# New to betta's



## JamesY (Mar 16, 2005)

I've had this guy for about 3 days now, it was saved from death, my buddies put 2 together and made them start to fight, I ended up buying this one and saving it, going to bring it back to good health and maybe give it to the GF as a gift to remeber me or something, but back to the point. I came home about 30 mins ago and bam there were bubbles. 

The issue I have is that he hasn't eaten since he came home, I have this stuff called Wardley Betta Premium Food, he hasn't had one full one yet, he nipped at a few yesterday but nothing today yet. 
the other issue, the water isn't crystal clear, little cloudy, and he acts like he has the skitz or somethign sometimes, he will be floating there one minute, then I type on keyboard or move or look over, and bam he goes insane, all aroudn the bowl, flipping out. If you ask me I think I got a crazy betta! 

Can anyone help me out here?


----------



## JamesY (Mar 16, 2005)

Little update

I was reading a betta breaders website and she gives hers peas, I figured might aswell try since they aren't eating the pellets.
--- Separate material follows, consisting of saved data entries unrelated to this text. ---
Lemma partition_split_block : partition (split_block P Y Z) X.
Proof.
suff EX : Z :|: ((Y :\: Z) :|: (X :\: Y)) = X by rewrite -EX; apply: partitionU1.
apply/setP => x; rewrite !inE.
move: (subsetP sZY x) (subsetP (partitionS pP YP) x) => /implyP + /implyP.
by case: (x \in Z); case: (x \in Y); case: (x \in X).
Qed.

Lemma card_split_block : #|split_block P Y Z| = #|P|.+1.
Proof.
have [nYZ nZ] := split_block_notin.
by rewrite /split_block !cardsU1 nYZ nZ (cardsD1 Y P) YP.
Qed.

End SplitBlock.

Section Coarsening.
Variables (X : {set T}) (P C : {set {set T}}).
Hypotheses (pP : partition P X) (pC : partition C X) (refPC : refines P C).

Lemma cover_refines K : K \in C -> cover (P ::&: K) = K.
Proof.
move=> KC; apply/eqP; rewrite eqEsubset (subset_trans (cover_setI _ _)) ?subsetIr //.
apply/subsetP => x xK.
have xP : x \in cover P by rewrite (cover_partition pP) (subsetP (partitionS pC KC)).
apply/bigcupP; exists (pblock P x); last by rewrite mem_pblock.
rewrite inE pblock_mem //=.
apply: (refines_block (partition_trivIset pC) refPC) xK;
  by rewrite ?pblock_mem ?mem_pblock.
Qed.

Lemma coverI_refines Q K : Q \subset P -> K \in C ->
  cover Q :&: K = cover (Q ::&: K).
Proof.
move=> sQP KC; apply/eqP; rewrite eqEsubset cover_setI andbT.
apply/subsetP => x /setIP[/bigcupP[Y YQ xY] xK]; apply/bigcupP; exists Y => //.
rewrite inE YQ.
exact: (refines_block (partition_trivIset pC) refPC (subsetP sQP Y YQ) KC xY).
Qed.
Lemma affine_perturb_unit n lam c cb y : INR n + 1 <= lam ->
  (forall t, (t <= n)%nat -> Rabs (c t - cb t) <= lam) ->
  (forall t, (1 <= t <= n)%nat -> 0 <= y t <= 1) ->
  Rabs (affine n cb y - affine n c y) <= lam ^ 2.
Proof.
  intros Hn H Hy; eapply Rle_trans; [apply affine_perturb, H|].
  assert (sum1 n (fun t => Rabs (y t)) <= INR n * 1).
  { apply sum1_le_const; intros t Ht; specialize (Hy t Ht); rewrite Rabs_pos_eq; lra. }
  pose proof (pos_INR n); nra.
Qed.

Lemma and_gate m r lam c cb y : INR r + 1 <= lam -> (1 <= m <= r)%nat ->
  (forall t, (1 <= t <= m)%nat -> c t = 8 * lam ^ 2) ->
  c 0%nat = - 8 * lam ^ 2 * (INR m - 1 / 2) ->
  (forall t, (m < t <= r)%nat -> c t = 0) ->
  (forall t, (t <= r)%nat -> Rabs (c t - cb t) <= lam) ->
  (forall t, (1 <= t <= r)%nat -> 0 <= y t <= 1) ->
  ((forall s, (1 <= s <= m)%nat -> 1 - / (4 * INR m) <= y s) ->
     1 - exp (- lam ^ 2) <= sigma (affine r cb y)) /\
  ((exists s, (1 <= s <= m)%nat /\ y s <= / 8) ->
     sigma (affine r cb y) <= exp (- lam ^ 2)).
Proof.
  intros Hr Hm Hc Hc0 Hcz Hpert Hy.
  assert (E : affine r c y = 8 * lam ^ 2 * (sum1 m y - INR m + 1 / 2)).
  { unfold affine; rewrite (sum1_trunc r m), (sum1_ext m _ (fun t => 8 * lam ^ 2 * y t)),
      sum1_scal_l, Hc0; [ring|..].
    - intros t Ht; rewrite Hc by lia; reflexivity.
    - lia.
    - intros t Ht; rewrite Hcz by lia; ring. }
  pose proof (Rabs_le_between _ _ (affine_perturb_unit r lam c cb y Hr Hpert Hy)) as P.
  assert (HmR : 1 <= INR m) by (apply (le_INR 1); lia).
  split.
  - intros Hhigh; apply sigma_ge_tail.
    assert (INR m * (1 - / (4 * INR m)) <= sum1 m y) by (rewrite <- sum1_const; apply sum1_le; auto).
    replace (INR m * (1 - / (4 * INR m))) with (INR m - 1 / 4) in * by (field; lra).
    pose proof (pow2_ge_0 lam); nra.
  - intros (s & Hs & Hys); apply sigma_le_tail.
    assert (sum1 m y <= INR m - 1 + y s) by (apply sum1_le_extract; [lia|intros; apply Hy; lia]).
    pose proof (pow2_ge_0 lam); nra.
Qed.
Lemma mon_signed w (d : nat -> bool) s :
  mon (fun j => if d j then - w j else w j) s = if odd (count d s) then - mon w s else mon w s.
Proof.
elim: s => [|a s IHs]; first by rewrite /mon !big_nil.
rewrite /= !mon_cons IHs oddD.
by case: (d a); case: (odd _); rewrite /= ?mulNr ?mulrN ?opprK.
Qed.

Lemma lincomb_signed w (d : nat -> bool) (b : bool) ts :
  all (fun t => odd (count d t.2) == b) ts ->
  lincomb (fun j => if d j then - w j else w j) ts = if b then - lincomb w ts else lincomb w ts.
Proof.
move=> /allP ts_b; rewrite /lincomb.
under eq_big_seq => t /ts_b /eqP t_b do rewrite mon_signed t_b.
by case: b {ts_b}; rewrite // -sumrN; under eq_bigr do rewrite scalerN.
Qed.

End Monomials.

Section AlgebraMorphisms.
Variables (F : fieldType) (A B : algType F) (f : A -> B).

Definition alg_hom :=
  [/\ {morph f : x y / x + y}, forall (a : F) x, f (a *: x) = a *: f x,
      {morph f : x y / x * y} & f 1 = 1].

Hypothesis f_hom : alg_hom.

Lemma alg_hom0 : f 0 = 0.
Proof. by case: f_hom => _ f_scale _ _; rewrite -(scale0r 0) f_scale !scale0r. Qed.

Lemma alg_hom_sum (I : Type) (r : seq I) (x : I -> A) :
  f (\sum_(i <- r) x i) = \sum_(i <- r) f (x i).
Proof. by case: f_hom => f_add _ _ _; exact: (big_morph f f_add alg_hom0). Qed.

Lemma alg_hom_prod (I : Type) (r : seq I) (x : I -> A) :
  f (\prod_(i <- r) x i) = \prod_(i <- r) f (x i).
Proof. by case: f_hom => _ _ f_mul f_one; exact: (big_morph f f_mul f_one). Qed.
(* Consistency: two honest processes deciding "marked" at the same round both
   hold a quorum of payments, and an honest common signer paid only one payee. *)
Lemma consistency i p q : 0 < i <= K -> dec p i <> None -> dec q i <> None -> p = q.
Proof.
move=> Hi; case E1: (dec p i) => [d1|] // _; case E2: (dec q i) => [d2|] // _.
have [X [_ D1]] := decision_marked E1; have [Y [_ D2]] := decision_marked E2.
have [b [Hb1 Hb2 Hb]] := quorums_meet (signers_quorum (decided_prev_quorum D1))
  (signers_quorum (decided_prev_quorum D2)).
by have [_ ->] := paid_unique Hb (signer_paid Hi Hb1 Hb) (signer_paid Hi Hb2 Hb).
Qed.

(* Non-impersonation: an honest broadcast process only pays for requests whose
   sender sent a step-1 request, which an honest process does only when marked. *)
Lemma non_impersonation i p d : 0 < i <= K -> M i = None -> dec p i = Some d ->
  match d with Some d' => ~~ hon d' | None => true end.
Proof.
move=> Hi HM E; have [X [-> D]] := decision_marked E.
apply/negP => HX.
have [b [Hb1 _ Hb]] := quorums_meet (signers_quorum (decided_prev_quorum D))
  (signers_quorum (decided_prev_quorum D)).
have [_ HiK [m0 Hm0 [Hs0 Hb0]]] := signer_paid Hi Hb1 Hb.
case: i Hi HM {E D Hb1} HiK Hm0 Hb0 => // j _ HM HjK /= Hm0 Hb0.
have Ht : (3 * j).+1 < K * 3 by lia.
have := sent_planned Ht Hm0; rewrite Hs0 planned_step2 => /(_ Hb).
case: ifP => // /andP [_ Hc]; rewrite inE Hb0 => /eqP [_ EX _].
move: (sel_in b j.+1 Hc) EX; case: (sel _ _ _) => X0 n0 /= + EX; subst X.
rewrite mem_pmap => /mapP [x Hx /esym /step2_candP [n [pr [_ _ [Ex _]]]]].
have [s' [[Es] [m' Hm' [_ Ex']]]] := recvP Hx; subst s' x.
have Ht' : 3 * j < K * 3 by lia.
rewrite /= in Ex; rewrite Ex in HX.
by move: (sent_planned Ht' Hm' HX); rewrite planned_step1 HM.
Qed.
Lemma inGm_conj_blocks E1 E0 : inGm E1 -> inGm E0 ->
  let E := E1 *m E0 *m invmx E1 in
  [/\ ursubmx E = 0,
      ulsubmx E = ulsubmx E1 *m ulsubmx E0 *m invmx (ulsubmx E1),
      drsubmx E = drsubmx E1 *m drsubmx E0 *m invmx (drsubmx E1)
    & dlsubmx E *m ulsubmx E1 + drsubmx E *m dlsubmx E1 =
      dlsubmx E1 *m ulsubmx E0 + drsubmx E1 *m dlsubmx E0].
Proof.
move=> GE1 GE0 E.
have EE1 : E *m E1 = E1 *m E0 by rewrite /E mulmxKV // inGm_unit.
rewrite -[X in X *m _]submxK (inGmE GE1) (inGmE GE0) !mulmx_block in EE1.
move: EE1; rewrite !mulmx0 !mul0mx !addr0 !add0r => /eq_block_mx [eqS eqO eqC eqT].
case: GE1 => _ uS uT.
have EO : ursubmx E = 0 by rewrite -(mulmxK uT (ursubmx E)) eqO mul0mx.
move: eqS eqC; rewrite EO !mul0mx !addr0 => eqS eqC.
split=> //.
  by rewrite -eqS mulmxK.
by rewrite -eqT mulmxK.
Qed.

Lemma inGm_conj E1 E0 : inGm E1 -> inGm E0 -> inGm (E1 *m E0 *m invmx E1).
Proof.
move=> GE1 GE0; have [EO ES ET _] := inGm_conj_blocks GE1 GE0.
case: GE1 => _ uS1 uT1; case: GE0 => _ uS0 uT0.
by split; rewrite ?ES ?ET // !unitmx_mul ?unitmx_inv ?uS1 ?uS0 ?uT1 ?uT0.
Qed.

Lemma inGm_inv E : inGm E -> inGm (invmx E).
Proof.
move=> GE; have EF : E *m invmx E = 1%:M by rewrite mulmxV // inGm_unit.
rewrite -[X in _ *m X]submxK {1}(inGmE GE) mulmx_block (scalar_mx_block n n 1) in EF.
move: EF; rewrite !mul0mx !addr0 => /eq_block_mx [eqS eqO _ eqT].
case: GE => _ uS uT.
have FO : ursubmx (invmx E) = 0 by rewrite -(mulKmx uS (ursubmx _)) eqO mulmx0.
move: eqT; rewrite FO mulmx0 add0r => eqT.
by split=> //; [case: (mulmx1_unit eqS) | case: (mulmx1_unit eqT)].
Qed.

End BlockGroup.

Lemma subDDr (V : zmodType) (a b w : V) : (a + w) - (b + w) = a - b.
Proof. by rewrite [b + w]addrC addrKA. Qed.

Lemma mulmx_affine n k (K : 'M[R]_n) (u v : 'M[R]_(n, k)) :
  K *m u + (1%:M - K) *m v = K *m (u - v) + v.
Proof. by rewrite mulmxBl mul1mx mulmxBr addrCA [LHS]addrC. Qed.

Section Quandle.
Variable n : nat.
Implicit Types p q x y z : pt n.

Lemma inX_inGm p : inX p <-> inGm (Mx p.1).
Proof.
rewrite /inX /inG /inGm !invertibleE Mx_blkS Mx_blkT -Mx_blkO -(Mx_mzero n n).
by split=> [[/(congr1 Mx) -> [uS uT]] | [/Mx_inj -> uS uT]].
Qed.

Lemma inX_unit p : inX p -> Mx p.1 \in unitmx.
Proof. by move/inX_inGm/inGm_unit. Qed.

Lemma inX_invertible p : inX p -> invertible p.1.
Proof. by move/inX_unit/invertibleE. Qed.

Lemma pt_eq p q : Mx p.1 = Mx q.1 -> Vx p.2 = Vx q.2 -> p = q.
Proof. by case: p q => [E x] [F y] /= /Mx_inj -> /Vx_inj ->. Qed.

Lemma qop_mx p q : inX q -> Mx (qop p q).1 = Mx q.1 *m Mx p.1 *m invmx (Mx q.1).
Proof.
by move=> Xq; rewrite /qop /= !Mx_mmul Mx_minv //; apply: inX_invertible.
Qed.

Lemma qop_vec p q : Vx (qop p q).2 =
  ulsubmx (Mx q.1) *m Vx p.2 + (1%:M - ulsubmx (Mx q.1)) *m Vx q.2.
Proof. by rewrite /qop /= Vx_vadd !Vx_mvmul Mx_msub Mx_idm Mx_blkS. Qed.

Lemma qop_inX p q : inX p -> inX q -> inX (qop p q).
Proof.
move=> /inX_inGm Gp Xq; apply/inX_inGm; rewrite qop_mx //.
by apply: inGm_conj => //; apply/inX_inGm.
Qed.

Lemma qop_id p : inX p -> qop p p = p.
Proof.
move=> Xp; apply: pt_eq; first by rewrite qop_mx // mulmxK // inX_unit.
by rewrite qop_vec -mulmxDl addrC subrK mul1mx.
Qed.

Section ConjugateBlocks.
Variables p q : pt n.
Hypotheses (Xp : inX p) (Xq : inX q).
Let blocks := inGm_conj_blocks (proj1 (inX_inGm q) Xq) (proj1 (inX_inGm p) Xp).

Lemma qop_S : ulsubmx (Mx (qop p q).1) =
  ulsubmx (Mx q.1) *m ulsubmx (Mx p.1) *m invmx (ulsubmx (Mx q.1)).
Proof. by rewrite qop_mx //; case: blocks. Qed.

Lemma qop_T : drsubmx (Mx (qop p q).1) =
  drsubmx (Mx q.1) *m drsubmx (Mx p.1) *m invmx (drsubmx (Mx q.1)).
Proof. by rewrite qop_mx //; case: blocks. Qed.

Lemma qop_C :
  dlsubmx (Mx (qop p q).1) *m ulsubmx (Mx q.1) + drsubmx (Mx (qop p q).1) *m dlsubmx (Mx q.1) =
  dlsubmx (Mx q.1) *m ulsubmx (Mx p.1) + drsubmx (Mx q.1) *m dlsubmx (Mx p.1).
Proof. by rewrite qop_mx //; case: blocks. Qed.

End ConjugateBlocks.

Lemma qop_dist x y z : inX x -> inX y -> inX z ->
  qop (qop x y) z = qop (qop x z) (qop y z).
Proof.
move=> Xx Xy Xz; have Xyz := qop_inX Xy Xz.
have uz := inX_unit Xz; have uyz := inX_unit Xyz.
apply: pt_eq.
  rewrite (qop_mx _ Xz) (qop_mx _ Xyz) -[LHS](mulmxK uyz); congr (_ *m _).
  by rewrite !qop_mx // !mulmxA !mulmxKV // inX_unit.
have [_ uSz _] := proj1 (inX_inGm z) Xz.
rewrite !qop_vec (qop_S Xy Xz) !mulmx_affine subDDr -mulmxBr subDDr.
by rewrite -(addrA _ (Vx y.2)) mulmxDr !mulmxA mulmxKV // addrA.
Qed.

Definition qop_rinv q p : pt n :=
  (mmul (mmul (Fm (invmx (Mx q.1))) p.1) q.1,
   mvmul (Fm (invmx (ulsubmx (Mx q.1)))) (vsub p.2 (mvmul (msub (idm n) (blkS q.1)) q.2))).

Lemma qop_rinv_mx q p : Mx (qop_rinv q p).1 = invmx (Mx q.1) *m Mx p.1 *m Mx q.1.
Proof. by rewrite /qop_rinv /= !Mx_mmul MxK. Qed.

Lemma qop_rinv_vec q p : Vx (qop_rinv q p).2 =
  invmx (ulsubmx (Mx q.1)) *m (Vx p.2 - (1%:M - ulsubmx (Mx q.1)) *m Vx q.2).
Proof. by rewrite /qop_rinv /= Vx_mvmul MxK Vx_vsub Vx_mvmul Mx_msub Mx_idm Mx_blkS. Qed.

Lemma qop_rinv_inX q p : inX q -> inX p -> inX (qop_rinv q p).
Proof.
move=> /inX_inGm Gq /inX_inGm Gp; apply/inX_inGm; rewrite qop_rinv_mx.
by rewrite -{2}(invmxK (Mx q.1)); apply: inGm_conj => //; apply: inGm_inv.
Qed.

Lemma qop_rinvK q p : inX q -> qop_rinv q (qop p q) = p.
Proof.
move=> Xq; have [_ uS _] := proj1 (inX_inGm q) Xq.
apply: pt_eq; last by rewrite qop_rinv_vec qop_vec addrK mulKmx.
by rewrite qop_rinv_mx qop_mx // !mulmxA mulVmx ?inX_unit // mul1mx mulmxKV ?inX_unit.
Qed.

Lemma qop_rinvKV q p : inX q -> qop (qop_rinv q p) q = p.
Proof.
move=> Xq; have [_ uS _] := proj1 (inX_inGm q) Xq.
apply: pt_eq; last by rewrite qop_vec qop_rinv_vec mulKVmx // subrK.
by rewrite qop_mx // qop_rinv_mx !mulmxA mulmxV ?inX_unit // mul1mx mulmxK ?inX_unit.
Qed.

End Quandle.

Section Module.
Variable n : nat.
Implicit Types p q x y z : pt n.

Lemma eta7E p q a : Vx (eta7 p q a) = drsubmx (Mx q.1) *m Vx a.
Proof. by rewrite /eta7 Vx_mvmul Mx_blkT. Qed.

Lemma tau7E p q a : Vx (tau7 p q a) = (1%:M - drsubmx (Mx q.1)) *m Vx a.
Proof. by rewrite /tau7 Vx_mvmul Mx_msub Mx_idm Mx_blkT. Qed.

Lemma kappa7E p q : Vx (kappa7 p q) = dlsubmx (Mx q.1) *m (Vx p.2 - Vx q.2).
Proof. by rewrite /kappa7 Vx_mvmul Mx_blkC Vx_vsub. Qed.

Lemma eta7_additive p q : Defs.additive (eta7 p q).
Proof. by move=> a b; apply: Vx_inj; rewrite Vx_vadd !eta7E Vx_vadd mulmxDr. Qed.

Lemma tau7_additive p q : Defs.additive (tau7 p q).
Proof. by move=> a b; apply: Vx_inj; rewrite Vx_vadd !tau7E Vx_vadd mulmxDr. Qed.

Lemma eta7_bijective p q : inX q -> bijective_map (eta7 p q).
Proof.
move=> /inX_inGm [_ _ uT]; exists (mvmul (Fm (invmx (drsubmx (Mx q.1))))).
by split=> a; apply: Vx_inj; rewrite ?eta7E Vx_mvmul MxK ?eta7E ?mulKmx ?mulKVmx.
Qed.

Lemma eta7_comp x y z a : inX x -> inX y -> inX z ->
  eta7 (qop x y) z (eta7 x y a) = eta7 (qop x z) (qop y z) (eta7 x z a).
Proof.
move=> Xx Xy Xz; have [_ _ uT] := proj1 (inX_inGm z) Xz.
by apply: Vx_inj; rewrite !eta7E (qop_T Xy Xz) !mulmxA mulmxKV.
Qed.

Lemma eta7_tau7_comp x y z a : inX x -> inX y -> inX z ->
  eta7 (qop x y) z (tau7 x y a) = tau7 (qop x z) (qop y z) (eta7 y z a).
Proof.
move=> Xx Xy Xz; have [_ _ uT] := proj1 (inX_inGm z) Xz.
apply: Vx_inj; rewrite eta7E !tau7E eta7E (qop_T Xy Xz).
by rewrite !mulmxBl !mul1mx mulmxBr !mulmxA mulmxKV.
Qed.

Lemma tau7_comp x y z a :
  tau7 (qop x y) z a = vadd (eta7 (qop x z) (qop y z) (tau7 x z a))
                            (tau7 (qop x z) (qop y z) (tau7 y z a)).
Proof.
by apply: Vx_inj; rewrite Vx_vadd eta7E !tau7E -mulmxDl [_ + (1%:M - _)]addrC subrK mul1mx.
Qed.

Lemma tau7_eta7_diag x a : vadd (tau7 x x a) (eta7 x x a) = a.
Proof. by apply: Vx_inj; rewrite Vx_vadd eta7E tau7E -mulmxDl subrK mul1mx. Qed.

Lemma kappa7_diag x : kappa7 x x = vzero.
Proof. by apply: Vx_inj; rewrite kappa7E subrr mulmx0 Vx_vzero. Qed.

Lemma cocycle_mx (Sy Cy Sz Cz Tz K D : 'M[R]_n) (x y z : 'cV[R]_n) :
  D *m Sz + K *m Cz = Cz *m Sy + Tz *m Cy ->
  Tz *m (Cy *m (x - y)) + Cz *m ((Sy *m x + (1%:M - Sy) *m y) - z) =
  K *m (Cz *m (x - z)) + (1%:M - K) *m (Cz *m (y - z)) +
  D *m ((Sz *m x + (1%:M - Sz) *m z) - (Sz *m y + (1%:M - Sz) *m z)).
Proof.
move=> eqC.
rewrite !mulmx_affine subDDr -!mulmxBr !subDDr -(addrA _ y) (mulmxDr Cz) !mulmxA.
rewrite addrA -mulmxDl [RHS]addrAC -mulmxDl; congr (_ *m _ + _).
by rewrite [LHS]addrC -eqC addrC.
Qed.

End Module.

Section Cohomology.
Variable n : nat.
Implicit Types p q x y z : pt n.

Lemma kappa7_cocycle x y z : inX x -> inX y -> inX z ->
  vadd (eta7 (qop x y) z (kappa7 x y)) (kappa7 (qop x y) z) =
  vadd (vadd (eta7 (qop x z) (qop y z) (kappa7 x z))
             (tau7 (qop x z) (qop y z) (kappa7 y z)))
       (kappa7 (qop x z) (qop y z)).
Proof.
move=> Xx Xy Xz; apply: Vx_inj.
rewrite !Vx_vadd !eta7E tau7E !kappa7E !qop_vec.
exact: cocycle_mx (qop_C Xy Xz).
Qed.

(* When [T_q = I], [eta_{p,q}] is the identity and [tau_{p,q}] vanishes. *)
Lemma coboundary_vanishes_at_fixed kappa p q :
  in_B2 (@qop n) (@eta7 n) (@tau7 n) kappa -> inX p -> inX q ->
  qop p q = p -> blkT q.1 = idm n -> kappa p q = vzero.
Proof.
move=> [f [_ kappaE]] Xp Xq pq Tq; rewrite kappaE // pq; apply: Vx_inj.
by rewrite Vx_vsub Vx_vadd eta7E tau7E -Mx_blkT Tq Mx_idm subrr mul0mx addr0 mul1mx subrr Vx_vzero.
Qed.

Definition unipotent_mx : 'M[R]_(n + n) := block_mx 1%:M 0 1%:M 1%:M.
Definition fixed_pt : pt n := (Fm 1%:M, fun _ => 1%R).
Definition unipotent_pt : pt n := (Fm unipotent_mx, vzero).

Lemma inX_fixed_pt : inX fixed_pt.
Proof.
by apply/inX_inGm; rewrite MxK (scalar_mx_block n n 1); apply: inGm_lblock; apply: unitmx1.
Qed.

Lemma inX_unipotent_pt : inX unipotent_pt.
Proof. by apply/inX_inGm; rewrite MxK; apply: inGm_lblock; apply: unitmx1. Qed.

Lemma qop_fixed_unipotent : qop fixed_pt unipotent_pt = fixed_pt.
Proof.
apply: pt_eq.
  rewrite qop_mx; last exact: inX_unipotent_pt.
  by rewrite [Mx (Fm 1%:M)]MxK mulmx1 mulmxV //; apply: (inX_unit inX_unipotent_pt).
by rewrite qop_vec /= MxK block_mxKul subrr mul0mx addr0 mul1mx.
Qed.

Lemma kappa7_not_coboundary : (0 < n)%N -> ~ in_B2 (@qop n) (@eta7 n) (@tau7 n) (@kappa7 n).
Proof.
move=> n_gt0 /coboundary_vanishes_at_fixed /(_ inX_fixed_pt inX_unipotent_pt qop_fixed_unipotent).
have -> : blkT unipotent_pt.1 = idm n by apply: Mx_inj; rewrite Mx_blkT MxK block_mxKdr Mx_idm.
move=> /(_ erefl) /(congr1 Vx); rewrite kappa7E Vx_vzero MxK block_mxKdl mul1mx.
move/matrixP => /(_ (Ordinal n_gt0) ord0); by rewrite !mxE => /eqP; rewrite subr0 oner_eq0.
Qed.

End Cohomology.

Section Closeness.
Local Open Scope R_scope.

Lemma vclose_mono n : monotone_close (@vclose n).
Proof. by move=> d d' x y dd' xy i; have := xy i; lra. Qed.

Lemma pclose_mono n : monotone_close (@pclose n).
Proof.
move=> d d' x y dd' [E_xy x_xy].
by split=> [i j|i]; [have := E_xy i j | have := x_xy i]; lra.
Qed.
I put half a pea in there, looked over a few minutes later and he was ripping it up but I didn't see him eat it, maybe he doesn't like it, but he picked on it more then the pellets.

Damn fussy eaters


----------



## (RC) (Jan 18, 2005)

Give him a chance to settle in his new place and he'll start eating.



RC


----------



## aaa (Jan 19, 2005)

the betta you better give them live food or frozen food than pea. betta like meat.


----------



## Lexus (Jan 19, 2005)

(RC) @ Wed Mar 16 said:


> Give him a chance to settle in his new place and he'll start eating.
> 
> 
> 
> RC


I agree... he'll settle down and get hungry eventually :fish:


----------